For senile disorders accompanied by agitation and confusion
, the drug is prescribed at a dose of 2-6 mg/day, if necessary, the dose can be increased to 10-20 mg/day;
It is more preferable to take the drug in the evening. Clopixol-acufaz
The drug is prescribed as a deep intramuscular injection into the upper outer quadrant of the gluteal region.
The dose is selected individually depending on the patient's condition. The recommended volume of intramuscular injection is 1-3 ml (50-150 mg). If necessary, repeated injections are carried out at intervals of 2-3 days. For some patients, an additional injection may be given 24-48 hours after the first injection. Maintenance therapy should be continued with Clopixol for oral administration or Clopixol depot IM in accordance with the recommendations below. Clopixol depot
The drug is prescribed as a deep intramuscular injection into the upper outer quadrant of the gluteal region.

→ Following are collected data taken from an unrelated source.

Lemma card_common_nbrs_move2 u i j k l al :
  i != j -> i != k -> i != l -> j != k -> j != l -> k != l -> al + al != 0 ->
  (#|common_nbrs u (move (move u i j al) k l al)| <= 4)%N.
Proof.
set v := move _ k l al => ij ik il jk jl kl al2.
have al0 : al != 0 by apply: contra_neq al2 => ->; rewrite addr0.
have dE r : val v r - val u r =
    if r \in [set i; k] then al else if r \in [set j; l] then - al else 0.
  rewrite !moveE !inE; have [->|ri] := eqVneq r i.
    by rewrite (negbTE ij) (negbTE ik) (negbTE il) /=; ring.
  have [->|rk] := eqVneq r k; first by rewrite (negbTE kl) eq_sym (negbTE jk) /=; ring.
  have [->|rj] := eqVneq r j; first by rewrite (negbTE jl) /=; ring.
  by have [->|rl] := eqVneq r l; rewrite /=; ring.
have Duv : diff_coords u v = [set i; k] :|: [set j; l].
  apply/setP=> r; rewrite in_setU [r \in diff_coords u v]inE eq_sym -subr_eq0 dE.
  by case: ifP => // _; case: ifP; rewrite ?oppr_eq0 ?eqxx.
have card_uv : #|diff_coords u v| = 4%N.
  by rewrite Duv -!setUA !cardsU1 cards1 !inE !negb_or ij ik il jl kl ![k == _]eq_sym jk.
pose L := [seq move u p q al | p <- [:: i; k], q <- [:: j; l]].
apply: leq_trans (_ : #|L| <= 4)%N; last by rewrite (leq_trans (card_size _)) ?size_allpairs.
have ST r : r \in diff_coords u v -> r \notin [set i; k] -> r \in [set j; l].
  by rewrite Duv in_setU => /orP[->|].
have mem_L p q : p \in [set i; k] -> q \in [set j; l] -> move u p q al \in L.
  move=> pS qT; apply: (@allpairs_f _ _ _ (fun p q => move u p q al));
    by rewrite !inE in pS qT *.
(* A common neighbour moves u from a coordinate r to a coordinate s with
   v_r - u_r = u_s - v_s, i.e. from {i, k} to {j, l}. *)
apply: subset_leq_card; apply/subsetP => w.
case/(diff4_common_nbr card_uv) => r [s [rs rD sD sum0 ->]].
move: sum0; rewrite !dE.
have [rS|/(ST r rD) rT] := boolP (r \in [set i; k]);
  have [sS|/(ST s sD) sT] := boolP (s \in [set i; k]) => /eqP.
- by rewrite (negbTE al2).
- by rewrite mem_L.
- by rewrite rT moveN mem_L.
- by rewrite rT sT -opprD oppr_eq0 (negbTE al2).
Qed.

Lemma diff_coords_off_coset x q a b c al be :
  a != b -> c != a -> c != b -> al != 0 -> be != 0 -> be != al ->
  q = move x a c al \/ q = move x c b al -> diff_coords (move x a b be) q = [set a; b; c].
Proof.
move=> ab ca cb al0 be0 beal qE; apply/setP=> l; rewrite !inE.
have [ac bc ba] : [/\ a != c, b != c & b != a] by split; rewrite eq_sym.
have zx l' : (val (move x a b be) l' != val x l') = (l' == a) || (l' == b).
  exact: move_neq.
have [->|la] := eqVneq l a.
  case: qE => ->; first by rewrite !move_src // (inj_eq (addrI _)) beal.
  by rewrite (move_off _ _ ac ab) zx eqxx.
have [->|lb] := eqVneq l b.
  case: qE => ->; first by rewrite (move_off _ _ ba bc) zx eqxx !orbT.
  by rewrite !move_dst // (inj_eq (addrI _)) (inj_eq oppr_inj) beal orbT.
have [->|lc] := eqVneq l c.
  by rewrite (move_off _ _ ca cb) eq_sym !orbT; case: qE => ->; rewrite move_neq ?eqxx ?orbT.
by case: qE => ->; rewrite !move_off ?eqxx ?(negbTE la) ?(negbTE lb) ?(negbTE lc).
Qed.

Lemma line_like_coset x a b al be : a != b -> al != 0 -> be != 0 -> be != al ->
  line_like x (move x a b al) (move x a b be).
Proof.
set y := move x a b al; set z := move x a b be => ab al0 be0 beal.
have zL : z \in csr_coset x a b by apply/csr_cosetP; exists be.
have off_coset q : csr_adj q x -> csr_adj q y -> q \notin csr_coset x a b ->
    exists c, [/\ c != a, c != b & diff_coords z q = [set a; b; c]].
  move=> qx qy /(common_nbr_off_coset ab al0 qx qy)[c [ca cb qE]].
  by exists c; split; last exact: diff_coords_off_coset ab ca cb al0 be0 beal qE.
split=> [q qx qy qz qNz | q1 q2 q1x q1y q1z q2x q2y q2z q12].
  have qNL : q \notin csr_coset x a b.
    by apply: contra qNz => qL; apply: csr_coset_adj ab qL zL qz.
  have [c [ca cb Dzq]] := off_coset q qx qy qNL.
  by apply: card_common_nbrs_diff3 Dzq; rewrite // eq_sym.
have on_coset q : csr_adj q x -> csr_adj q y -> csr_adj q z -> q \in csr_coset x a b.
  move=> qx qy qz; apply: contraT => qNL; have [c [ca cb Dzq]] := off_coset q qx qy qNL.
  by move: qz; rewrite csr_adjC csr_adjE Dzq card_set3 // eq_sym.
exact: csr_coset_adj ab (on_coset _ q1x q1y q1z) (on_coset _ q2x q2y q2z) q12.
Qed.

Lemma not_line_like_bent x a b c al : (3 < m)%N -> a != b -> a != c -> b != c -> al != 0 ->
  ~ line_like x (move x a b al) (move x a c al).
Proof.
set y := move x a b al; set z := move x a c al => m_gt3 ab ac bc al0 [many_nbrs nbrs_clique].
have [k /and3P[ka kb kc]] : exists k, [&& k != a, k != b & k != c].
  apply/existsP; apply: contraTT m_gt3 => /existsPn abc_full; rewrite -leqNgt.
  have /subset_leq_card : [set: 'I_m] \subset [set a; b; c].
    by apply/subsetP => l _; move: (abc_full l); rewrite !inE !negb_and !negbK orbA.
  by rewrite cardsT card_ord card_set3.
have [ba ca cb] : [/\ b != a, c != a & c != b] by split; rewrite eq_sym.
have [ak bk ck] : [/\ a != k, b != k & c != k] by split; rewrite eq_sym.
(* If 2 al = 0, then x + al (e_c - e_b) and x + al (e_a - e_k) break the clique
   condition; otherwise x + al (e_k - e_b) has too few neighbours in common with z. *)
have [al2|al2] := eqVneq (al + al) 0.
- have alN : - al = al by apply/esym/eqP; rewrite -addr_eq0 al2.
  pose q1 := move x c b al; pose q2 := move x a k al.
  have q1y : q1 = move y c a al by rewrite /y moveC move_trans.
  have q1z : q1 = move z a b al by rewrite /z -[move x a c al]moveN alN move_trans.
  have [/negP q1Nq2 q12] : ~~ csr_adj q1 q2 /\ q1 != q2.
    apply: (not_adj_diff3 ab ac bc).
    + by rewrite (move_off _ _ ac ab) eq_sym move_neq ?eqxx.
    + by rewrite (move_off _ _ ba bk) move_neq ?eqxx ?orbT.
    + by rewrite (move_off _ _ ca ck) move_neq ?eqxx.
  apply/q1Nq2/nbrs_clique/q12.
  + exact: adj_move.
  + by rewrite q1y adj_move.
  + by rewrite q1z adj_move.
  + exact: adj_move.
  + by rewrite /q2 -(move_trans x a b k al) adj_move.
  + by rewrite /q2 -(move_trans x a c k al) adj_move.
- pose q := move x k b al.
  have kby : move x k b al = move y k a al by rewrite /y moveC move_trans.
  have [qNz qz] : ~~ csr_adj q z /\ q != z.
    apply: (not_adj_diff3 ab ac bc).
    + by rewrite (move_off _ _ ak ab) eq_sym move_neq ?eqxx.
    + by rewrite (move_off _ _ ba bc) move_neq ?eqxx ?orbT.
    + by rewrite (move_off _ _ ck cb) eq_sym move_neq ?eqxx ?orbT.
  have qy : csr_adj q y by rewrite /q kby adj_move // eq_sym.
  have := many_nbrs q (adj_move x kb al0) qy qz qNz.
  suff -> : q = move (move z k b al) c a al by rewrite leqNgt ltnS card_common_nbrs_move2.
  by rewrite /z moveC move_trans move_id.
Qed.

Lemma line_like_mem_coset x z a b al : (3 < m)%N -> a != b -> al != 0 ->
  csr_adj z x -> csr_adj z (move x a b al) -> line_like x (move x a b al) z ->
  z \in csr_coset x a b.
Proof.
move=> m_gt3 ab al0 zx zy zL; apply/negPn/negP => zNL.
have [c [ca cb [zE|zE]]] := common_nbr_off_coset ab al0 zx zy zNL; move: zL; rewrite zE.
  by apply: not_line_like_bent; rewrite // eq_sym.
rewrite -[move x a b al]moveN -[move x c b al]moveN.
by apply: not_line_like_bent; rewrite ?oppr_eq0 // eq_sym.
Qed.

End Lines.

Theorem lemma3 (m n : nat) (hm : (3 < m)%N) (hn : (3 < n)%N)
  (psi : csr_vertex m n -> csr_vertex m n) (hpsi : csr_automorphism psi)
  (xi : csr_vertex m n) (a b : 'I_m) (hab : a != b) :
  exists (sigma : csr_vertex m n) (p q : 'I_m),
    p != q /\ psi @: csr_coset xi a b = csr_coset sigma p q.
Proof.
have [psi_bij psi_adj] := hpsi; have [phi psiK _] := psi_bij.
have one0 : 1 != 0 :> 'Z_n := oner_neq0 _.
set y := move xi a b 1.
have [p [q [be [pq be0 psi_y]]]] : exists p q be,
    [/\ p != q, be != 0 & psi y = move (psi xi) p q be].
  by apply: csr_adjP; rewrite psi_adj csr_adjC adj_move.
exists (psi xi), p, q; split => //.
suff sub : psi @: csr_coset xi a b \subset csr_coset (psi xi) p q.
  apply/eqP; rewrite eqEcard sub card_imset ?card_csr_coset ?leqnn //; exact: can_inj psiK.
apply/subsetP => _ /imsetP[_ /csr_cosetP[al ->] ->].
have [->|al0] := eqVneq al 0.
  by rewrite move0; apply/csr_cosetP; exists 0; rewrite move0.
have [->|al1] := eqVneq al 1; first by rewrite -/y psi_y; apply/csr_cosetP; exists be.
apply: (line_like_mem_coset hm pq be0); rewrite -?psi_y.
- by rewrite psi_adj adj_move.
- by rewrite psi_adj /y -[al](subrKC 1) -moveD adj_move // subr_eq0.
- exact: line_like_iso psi_bij psi_adj (line_like_coset xi hab one0 al0 al1).
Qed.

The dose and interval between injections are determined individually depending on the patient's condition. Clopixol depot (200 mg/ml) during maintenance treatment is administered in doses of 200-400 mg (1-2 ml) every 2-4 weeks. In some cases, higher doses or shorter intervals between injections may be required. If the volume of solution for intramuscular administration (200 mg/ml) exceeds 2-3 ml, then it is preferable to use a solution of Clopixol depot of higher concentration (500 mg/ml). Clopixol depot (500 mg/ml) is usually administered in doses of 250-750 mg (0.5-1.5 ml) every 1-4 weeks. Switching from Clopixol for oral administration to IM administration of Clopixol depot
Daily dose (mg) of Clopixol for oral administration x 8 = dose (mg) of Clopixol depot for IM administration once every 2 weeks.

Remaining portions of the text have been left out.